WORK ITEM — Using the records that appear below, write out exactly the lines from the one with "0 < a /\ (forall" through the one with "else (eta (r j) + 2 * eta (2 * r j))", keeping both end lines.

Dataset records
(* Let $\phi(r)=r^{-12}-2r^{-6}$ (Lennard-Jones), $\eta=\phi'$, $\hat\eta(r)=\eta(r)+2\eta(2r)$, let $\tilde r_2$ be the unique point with $\eta''<0$ on $(0,\tilde r_2)$ and $\eta''>0$ on $(\tilde r_2,\infty)$, and let $a_1$ be the unique point with $\hat\eta'>0$ on $(0,a_1)$ and $\hat\eta'<0$ on $(a_1,\infty)$. Let $N,K$ be positive integers with $K<N-1$. For $\mathbf r=(r_{-N},\dots,r_N)\in(0,\infty)^{2N+1}$ define $F^{QCF}_j(\mathbf r)$, $j=-N,\dots,N+1$, by $F^{QCF}_{-N}(\mathbf r)=\eta(r_{-N})+2\eta(2r_{-N})$; $F^{QCF}_j(\mathbf r)=[\eta(r_j)+2\eta(2r_j)]-[\eta(r_{j-1})+2\eta(2r_{j-1})]$ for $-N+1\le j\le -K$ and for $K+1\le j\le N$; $F^{QCF}_j(\mathbf r)=[\eta(r_j)+\eta(r_j+r_{j+1})]-[\eta(r_{j-1})+\eta(r_{j-1}+r_{j-2})]$ for $-K+1\le j\le K$; $F^{QCF}_{N+1}(\mathbf r)=-[\eta(r_N)+2\eta(2r_N)]$. Let $f_{-N},\dots,f_{N+1}\in\mathbb R$ be anti-symmetric, i.e. $f_{j+1}=-f_{-j}$ for $j=0,\dots,N$, and set $\Phi_j=-\sum_{i=-N}^{j}f_i$ for $j=-N,\dots,N$. For any $r_U$ with $\tilde r_2/2<r_U<a_1$, let $r_L=\max\left(\frac{\tilde r_2}{2},\left(\frac{63}{16\,\eta'(r_U)}\right)^{1/8}\right)$. If $r_L<r_U$, then the equilibrium equations $F^{QCF}_j(\mathbf r)+f_j=0$, $j=-N,\dots,N+1$, have a unique symmetric solution $\mathbf r$ in $\Omega=(r_L,r_U)^{2N+1}$ whenever $\eta(r_L)+4\eta(2r_L)-2\eta(2r_U)<\Phi_j<\eta(r_U)+4\eta(2r_U)-2\eta(2r_L)$ for $j=-N,\dots,N$.
   Context: $F^{QCF}_j$ is the force-based quasicontinuum force on the $j$-th representative atom of a one-dimensional chain in terms of the lattice spacings $r_j$; $f_j$ are external forces. A vector $\mathbf r$ is symmetric if $r_{-j}=r_j$ for $j=1,\dots,N$. *)

From Stdlib Require Import Reals ZArith Lra.
From Coquelicot Require Import Coquelicot.
Open Scope R_scope.

Definition phi (r : R) : R := / r ^ 12 - 2 * / r ^ 6.
Definition eta (r : R) : R := Derive phi r.
Definition eta1 (r : R) : R := Derive eta r.
Definition eta2 (r : R) : R := Derive eta1 r.
Definition eta_hat (r : R) : R := eta r + 2 * eta (2 * r).
Definition eta_hat1 (r : R) : R := Derive eta_hat r.

Definition is_tilde_r2 (t : R) : Prop :=
  0 < t /\ (forall r, 0 < r < t -> eta2 r < 0) /\ (forall r, t < r -> 0 < eta2 r).

Definition is_a1 (a : R) : Prop :=
  0 < a /\ (forall r, 0 < r < a -> 0 < eta_hat1 r) /\ (forall r, a < r -> eta_hat1 r < 0).

Definition F_QCF (N K : Z) (r : Z -> R) (j : Z) : R :=
  if (j =? -N)%Z then eta (r (-N)%Z) + 2 * eta (2 * r (-N)%Z)
  else if (j =? N + 1)%Z then - (eta (r N) + 2 * eta (2 * r N))
  else if ((-K + 1 <=? j)%Z && (j <=? K)%Z)%bool then
    (eta (r j) + eta (r j + r (j + 1)%Z))
    - (eta (r (j - 1)%Z) + eta (r (j - 1)%Z + r (j - 2)%Z))
  else (eta (r j) + 2 * eta (2 * r j))
    - (eta (r (j - 1)%Z) + 2 * eta (2 * r (j - 1)%Z)).

Definition Phi (N : Z) (f : Z -> R) (j : Z) : R :=
  - sum_f_R0 (fun k => f (Z.of_nat k - N)%Z) (Z.to_nat (j + N)).

Definition r_L (t2 rU : R) : R :=
  Rmax (t2 / 2) (Rpower (63 / (16 * eta1 rU)) (1 / 8)).

Definition symmetric_vec (N : Z) (r : Z -> R) : Prop :=
  forall j, (1 <= j <= N)%Z -> r (- j)%Z = r j.

Definition in_Omega (N : Z) (rL rU : R) (r : Z -> R) : Prop :=
  forall j, (-N <= j <= N)%Z -> rL < r j < rU.

Definition equilibrium (N K : Z) (f : Z -> R) (r : Z -> R) : Prop :=
  forall j, (-N <= j <= N + 1)%Z -> F_QCF N K r j + f j = 0.

(* Summing the equilibrium equations up to j shows that, for symmetric r, they are equivalent
   to prescribing the partial force sums (stresses) S_j(r) = Phi_j, with S_j = eta_hat(r_j) in
   the continuum region |j| >= K.  On [r_L, r_U] we have eta' >= eta'(r_U) =: d > 0, while on
   [2 r_L, oo) the second-neighbour derivative satisfies -c <= eta' <= 0 with c = 84/(2 r_L)^8,
   and the definition of r_L gives exactly 12 c <= d.  Hence eta_hat is increasing on [r_L, r_U]
   and each continuum spacing is eta_hat^-1(Phi_j), found by the intermediate value theorem.
   In the atomistic region the equations read eta(r_j) = G_j(r), where G_j only involves
   second-neighbour terms and is therefore 6c-Lipschitz; as eta^-1 is 1/d-Lipschitz, the map
   r |-> eta^-1(G(r)) is a contraction of the box [r_L, r_U]^K and the Banach fixed point
   theorem yields existence and uniqueness.  The bounds on Phi_j are precisely what keeps
   Phi_j and G_j(r) in the ranges of eta_hat and eta over [r_L, r_U]. *)

From Stdlib Require Import Reals ZArith Lra Lia Classical IndefiniteDescription.
From Coquelicot Require Import Coquelicot.
From HB Require structures.
From mathcomp Require ssreflect ssrfun ssrbool eqtype choice ssrnat fintype order.
From mathcomp Require ssralg ssrnum interval matrix interval_inference.
From mathcomp Require boolp classical_sets functions reals topology normedtype sequences.
From mathcomp Require Rstruct.
Open Scope R_scope.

RESULT FOR THIS EXERCISE —
  0 < a /\ (forall r, 0 < r < a -> 0 < eta_hat1 r) /\ (forall r, a < r -> eta_hat1 r < 0).

Definition F_QCF (N K : Z) (r : Z -> R) (j : Z) : R :=
  if (j =? -N)%Z then eta (r (-N)%Z) + 2 * eta (2 * r (-N)%Z)
  else if (j =? N + 1)%Z then - (eta (r N) + 2 * eta (2 * r N))
  else if ((-K + 1 <=? j)%Z && (j <=? K)%Z)%bool then
    (eta (r j) + eta (r j + r (j + 1)%Z))
    - (eta (r (j - 1)%Z) + eta (r (j - 1)%Z + r (j - 2)%Z))
  else (eta (r j) + 2 * eta (2 * r j))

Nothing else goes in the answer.